Dataset entries
Lemma sqr_le_bound {s d P A : R} : 0 <= s -> 0 <= d -> 0 <= P -> 0 <= A ->
  s ^+ 2 <= 3 * d ^+ 2 + A * P ^+ 2 -> s <= 2 * d + (A + 1) * P.
Proof.
move=> s0 d0 P0 A0 s_le.
rewrite -(ler_pXn2r (n := 2)) ?nnegrE ?addr_ge0 ?mulr_ge0 ?addr_ge0 ?ler01 //.
apply: le_trans s_le _.
have : 0 <= d * P by rewrite mulr_ge0.
have : 0 <= A * (P * P) by rewrite !mulr_ge0.
have : 0 <= A * A * (P * P) by rewrite !mulr_ge0.
rewrite !expr2; nra.
Qed.

End Balancing.

Section TikhonovRates.
Context {R : realType} {Lam : countType} {Y : completeNormedModType R}.
Context {a r : Lam -> R} {D : set (Lam -> R)} {F : (Lam -> R) -> Y} {L t : R}.
Context {xp : Lam -> R} {rho delta : R} {g : Y}.
Hypotheses (HS : setting a r D F L) (t01 : 0 < t < 1) (rho_gt0 : 0 < rho) (Dxp : D xp)
  (xp_kt : (ktnorm a r t xp <= rho%:E)%E) (noise : `|g - F xp| <= delta).

Local Notation err xh := (fun j => (xp j - xh j)%R).

Let a_gt0 j : 0 < a j. Proof. by case: HS => -[]. Qed.
Let r_gt0 j : 0 < r j. Proof. by case: HS => -[]. Qed.
Let L_gt0 : 0 < L. Proof. by case: HS => _ _ _ _ []. Qed.
Let delta_ge0 : 0 <= delta. Proof. exact: le_trans (normr_ge0 _) noise. Qed.

Lemma wnorm2_err_le {xh : Lam -> R} : D xh ->
  (wnorm a 2 (err xh) <= (L * (delta + `|g - F xh|))%:E)%E.
Proof.
move=> Dxh; case: HS => _ _ _ _ [_ lip].
have := (lip xp xh Dxp Dxh).1; rewrite lee_pdivrMl // -EFinM => /le_trans; apply.
rewrite lee_fin ler_wpM2l ?(ltW L_gt0) //.
by apply: le_trans (ler_distD g (F xp) (F xh)) _; rewrite distrC lerD.
Qed.

Lemma variational_ineq {alpha : R} {xh : Lam -> R} :
  0 < alpha -> is_minimizer F D r g alpha xh ->
  exists2 n, wnorm r 1 (err xh) = n%:E & forall beta c, 0 < beta -> 0 < c ->
    n <= (delta ^+ 2 - `|g - F xh| ^+ 2) / (2 * alpha) +
      (c * (rho / beta) `^ t + (L * (delta + `|g - F xh|)) ^+ 2 / c
       + 2 * (dyadic_const t * beta * (rho / beta) `^ t)).
Proof.
move=> alpha_gt0 [Dxh xh_min]; set s := `|g - F xh|.
have err_l2 := wnorm2_err_le Dxh.
have xp_l1 : (wnorm r 1 xp < +oo)%E.
  by case: HS => _ _ [D_l2 _] _ _; apply: wnorm1_lty a_gt0 r_gt0 t01 xp_kt (D_l2 _ Dxp).
set p := fine (wnorm r 1 xp).
have pE : wnorm r 1 xp = p%:E by rewrite fineK // ge0_fin_numE ?poweR_ge0.
have tik := xh_min xp Dxp; rewrite /tikhonov pE -/s in tik.
have xh_l1 : (wnorm r 1 xh < +oo)%E.
  move: tik; case: (wnorm r 1 xh) => [h _| |] //; first exact: ltry.
  by rewrite gt0_muley ?lte_fin // addey // -EFinM -EFinD leye_eq.
set h := fine (wnorm r 1 xh).
have hE : wnorm r 1 xh = h%:E by rewrite fineK // ge0_fin_numE ?poweR_ge0.
have err_ineq beta c (b0 : 0 < beta) (c0 : 0 < c) :=
  wnorm1_err_le a_gt0 r_gt0 t01 xp_kt err_l2 b0 c0.
have err_l1 : (wnorm r 1 (err xh) < +oo)%E.
  move: (err_ineq 1 1 ltr01 ltr01); rewrite pE hE -EFinD.
  by case: (wnorm r 1 (err xh)) => [u _| |] //; first exact: ltry.
set n := fine (wnorm r 1 (err xh)).
have nE : wnorm r 1 (err xh) = n%:E by rewrite fineK // ge0_fin_numE ?poweR_ge0.
exists n => // beta c b0 c0.
have := err_ineq beta c b0 c0; rewrite nE pE hE -/s -!EFinD lee_fin.
have : h - p <= (delta ^+ 2 - s ^+ 2) / (2 * alpha).
  rewrite invfM mulrA ler_pdivlMr // mulrC.
  have : `|g - F xp| ^+ 2 <= delta ^+ 2 by rewrite ler_pXn2r ?nnegrE.
  move: tik; rewrite hE -!EFinM -!EFinD lee_fin; lra.
lra.
Qed.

Task objective:
The answer must hold exactly the lines of the entries above, from the first line through the line that contains "rewrite lee_fin ler_wpM2l ?(ltW L_gt0) //.", and no others.

Answer:
Lemma sqr_le_bound {s d P A : R} : 0 <= s -> 0 <= d -> 0 <= P -> 0 <= A ->
  s ^+ 2 <= 3 * d ^+ 2 + A * P ^+ 2 -> s <= 2 * d + (A + 1) * P.
Proof.
move=> s0 d0 P0 A0 s_le.
rewrite -(ler_pXn2r (n := 2)) ?nnegrE ?addr_ge0 ?mulr_ge0 ?addr_ge0 ?ler01 //.
apply: le_trans s_le _.
have : 0 <= d * P by rewrite mulr_ge0.
have : 0 <= A * (P * P) by rewrite !mulr_ge0.
have : 0 <= A * A * (P * P) by rewrite !mulr_ge0.
rewrite !expr2; nra.
Qed.

End Balancing.

Section TikhonovRates.
Context {R : realType} {Lam : countType} {Y : completeNormedModType R}.
Context {a r : Lam -> R} {D : set (Lam -> R)} {F : (Lam -> R) -> Y} {L t : R}.
Context {xp : Lam -> R} {rho delta : R} {g : Y}.
Hypotheses (HS : setting a r D F L) (t01 : 0 < t < 1) (rho_gt0 : 0 < rho) (Dxp : D xp)
  (xp_kt : (ktnorm a r t xp <= rho%:E)%E) (noise : `|g - F xp| <= delta).

Local Notation err xh := (fun j => (xp j - xh j)%R).

Let a_gt0 j : 0 < a j. Proof. by case: HS => -[]. Qed.
Let r_gt0 j : 0 < r j. Proof. by case: HS => -[]. Qed.
Let L_gt0 : 0 < L. Proof. by case: HS => _ _ _ _ []. Qed.
Let delta_ge0 : 0 <= delta. Proof. exact: le_trans (normr_ge0 _) noise. Qed.

Lemma wnorm2_err_le {xh : Lam -> R} : D xh ->
  (wnorm a 2 (err xh) <= (L * (delta + `|g - F xh|))%:E)%E.
Proof.
move=> Dxh; case: HS => _ _ _ _ [_ lip].
have := (lip xp xh Dxp Dxh).1; rewrite lee_pdivrMl // -EFinM => /le_trans; apply.
rewrite lee_fin ler_wpM2l ?(ltW L_gt0) //.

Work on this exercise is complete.